RIVERSIDE, Calif. (AP) — A boy who was only 10 when he fatally shot his white supremacist father was convicted Monday of second-degree murder by a judge who said the child knew what he did was wrong.
Riverside Superior Court Judge Jean Leonard weighed the severity of the crime versus whether the amount of abuse and neglect suffered by the boy, now 12, played a significant role in the slaying of 32-year-old Jeff Hall, a regional leader of the National Socialist Movement.
Leonard noted the boy lay in bed, waited for the right moment and shot his dad at point-blank range with the "bad gun" — a .357 Magnum — while he slept on a soft in the family home.
"This was not a complex killing," said Leonard, who heard the case without a jury. "He thought about the idea and shot his father."
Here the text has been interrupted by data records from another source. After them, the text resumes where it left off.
Lemma right_simple_div t t' : exists u, mulT t u = t'.
Proof.
  apply (hTsimple (fun x => exists u, mulT t u = x)). split.
  - exists (mulT t t), t. reflexivity.
  - intros x t0 [u <-]. exists (mulT u t0). apply assocT.
Qed.

Lemma right_simple_no_left_fixed (hTnoid : forall e, mulT e e <> e) u c :
  mulT u c <> c.
Proof.
  intro Huc. destruct (right_simple_div c u) as [v Hcv].
  apply (hTnoid (mulT v c)).
  rewrite <- assocT, (assocT c v c), Hcv, Huc. reflexivity.
Qed.
End RightSimple.

Section NormalForm.
Variables (S T : Type) (mulS : S -> S -> S) (mulT : T -> T -> T).
Hypotheses (assocS : associative_op mulS) (assocT : associative_op mulT).

Inductive nf := NS (a : S) | NT (t : T) | NTS (t : T) (a : S).

Definition nf_mul (x y : nf) : nf :=
  match x, y with
  | NS a, NS b => NS (mulS a b)
  | NS _, y => y
  | NT t, NS a => NTS t a
  | NT t, NT t' => NT (mulT t t')
  | NT t, NTS t' a => NTS (mulT t t') a
  | NTS t a, NS b => NTS t (mulS a b)
  | NTS t _, NT t' => NT (mulT t t')
  | NTS t _, NTS t' b => NTS (mulT t t') b
  end.

Lemma nf_mul_assoc : associative_op nf_mul.
Proof. intros [] [] []; simpl; rewrite ?assocS, ?assocT; reflexivity. Qed.

Definition nf_of_gen (x : S + T) : nf :=
  match x with inl a => NS a | inr t => NT t end.

Definition nf_of_word (u : word (S + T)) : nf :=
  fold_left (fun x y => nf_mul x (nf_of_gen y)) (snd u) (nf_of_gen (fst u)).

Definition word_of_nf (x : nf) : word (S + T) :=
  match x with
  | NS a => letter (inl a)
  | NT t => letter (inr t)
  | NTS t a => (inr t, [inl a])
  end.

Lemma nf_of_word_of_nf x : nf_of_word (word_of_nf x) = x.
Proof. destruct x; reflexivity. Qed.

Lemma nf_of_word_mul u v :
  nf_of_word (wmul u v) = nf_mul (nf_of_word u) (nf_of_word v).
Proof.
  destruct u as [x l], v as [y m]. unfold nf_of_word, wmul; simpl.
  rewrite fold_left_app. simpl. generalize (nf_of_gen y) as z.
  induction m as [|y' m IH]; intro z; simpl; auto.
  rewrite <- IH, nf_mul_assoc. reflexivity.
Qed.

Lemma Ueq_nf_of_word u v : Ueq mulS mulT u v -> nf_of_word u = nf_of_word v.
Proof.
  induction 1 as [u v []| | | |w u v _ IH|w u v _ IH];
    try reflexivity; try congruence; rewrite !nf_of_word_mul, IH; reflexivity.
Qed.

Lemma Ueq_word_of_nf_letter x y :
  Ueq mulS mulT (wmul (word_of_nf x) (letter y))
    (word_of_nf (nf_mul x (nf_of_gen y))).
Proof.
  unfold Ueq. destruct x as [a|t|t a], y as [b|t']; simpl;
    try (apply cong_base; constructor).
  - apply cong_refl.
  - apply (@cong_mull _ _ (letter (inr t)) (inl a, [inl b]) (letter (inl (mulS a b)))).
    apply cong_base; constructor.
  - apply cong_trans with (wmul (letter (inr t)) (letter (inr t'))).
    + apply (@cong_mull _ _ (letter (inr t)) (inl a, [inr t']) (letter (inr t'))).
      apply cong_base; constructor.
    + apply cong_base; constructor.
Qed.

Lemma Ueq_word_of_nf u : Ueq mulS mulT u (word_of_nf (nf_of_word u)).
Proof.
  destruct u as [x l]. induction l as [|y l IH] using rev_ind.
  - destruct x; apply cong_refl.
  - change (x, l ++ [y]) with (wmul (x, l) (letter y)).
    eapply cong_trans; [apply cong_mulr, IH|].
    rewrite nf_of_word_mul. apply Ueq_word_of_nf_letter.
Qed.

Lemma Ueq_iff u v : Ueq mulS mulT u v <-> nf_of_word u = nf_of_word v.
Proof.
  split; [apply Ueq_nf_of_word|]. intro Huv.
  eapply cong_trans; [apply Ueq_word_of_nf|].
  rewrite Huv. apply cong_sym, Ueq_word_of_nf.
Qed.

Lemma has_R_height_of_nf (P : word (S + T) -> Prop) (Q : nf -> Prop) h :
  (forall u, P u <-> Q (nf_of_word u)) ->
  has_R_height (@eq nf) nf_mul Q h ->
  has_R_height (Ueq mulS mulT) (@wmul (S + T)) P h.
Proof.
  intro P_iff.
  apply has_R_height_transfer
    with (f := nf_of_word) (g := word_of_nf) (mulN := nf_mul) (Q := Q); auto.
  - exact Ueq_iff.
  - exact nf_of_word_mul.
  - exact nf_of_word_of_nf.
Qed.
The boy's stepmother told authorities that Hall had hit, kicked and yelled at his son for being too loud or getting in the way. Hall and the boy's biological mother had previously gone through a divorce and custody dispute in which each had accused the other of child abuse. She initially told authorities she had killed Hall but then quickly retracted her statement. She was not charged in the case.
Defense attorney Matthew Hardy said because of the abuse his client learned it was acceptable to kill people who were a threat. The boy thought if he shot his dad, the violence would end, Hardy said.
Also at issue were the father's racist beliefs.
Hall, who said he believed in a white breakaway nation, ran for a seat on the local water board in 2010 in a move that disturbed many residents in the recession-battered suburbs southeast of Los Angeles. The day before his death, he held a meeting of the neo-Nazi group at his home.
Hall had previously taken the boy on a U.S.-Mexico border patrol trip and showed him how to use a gun, according to court documents.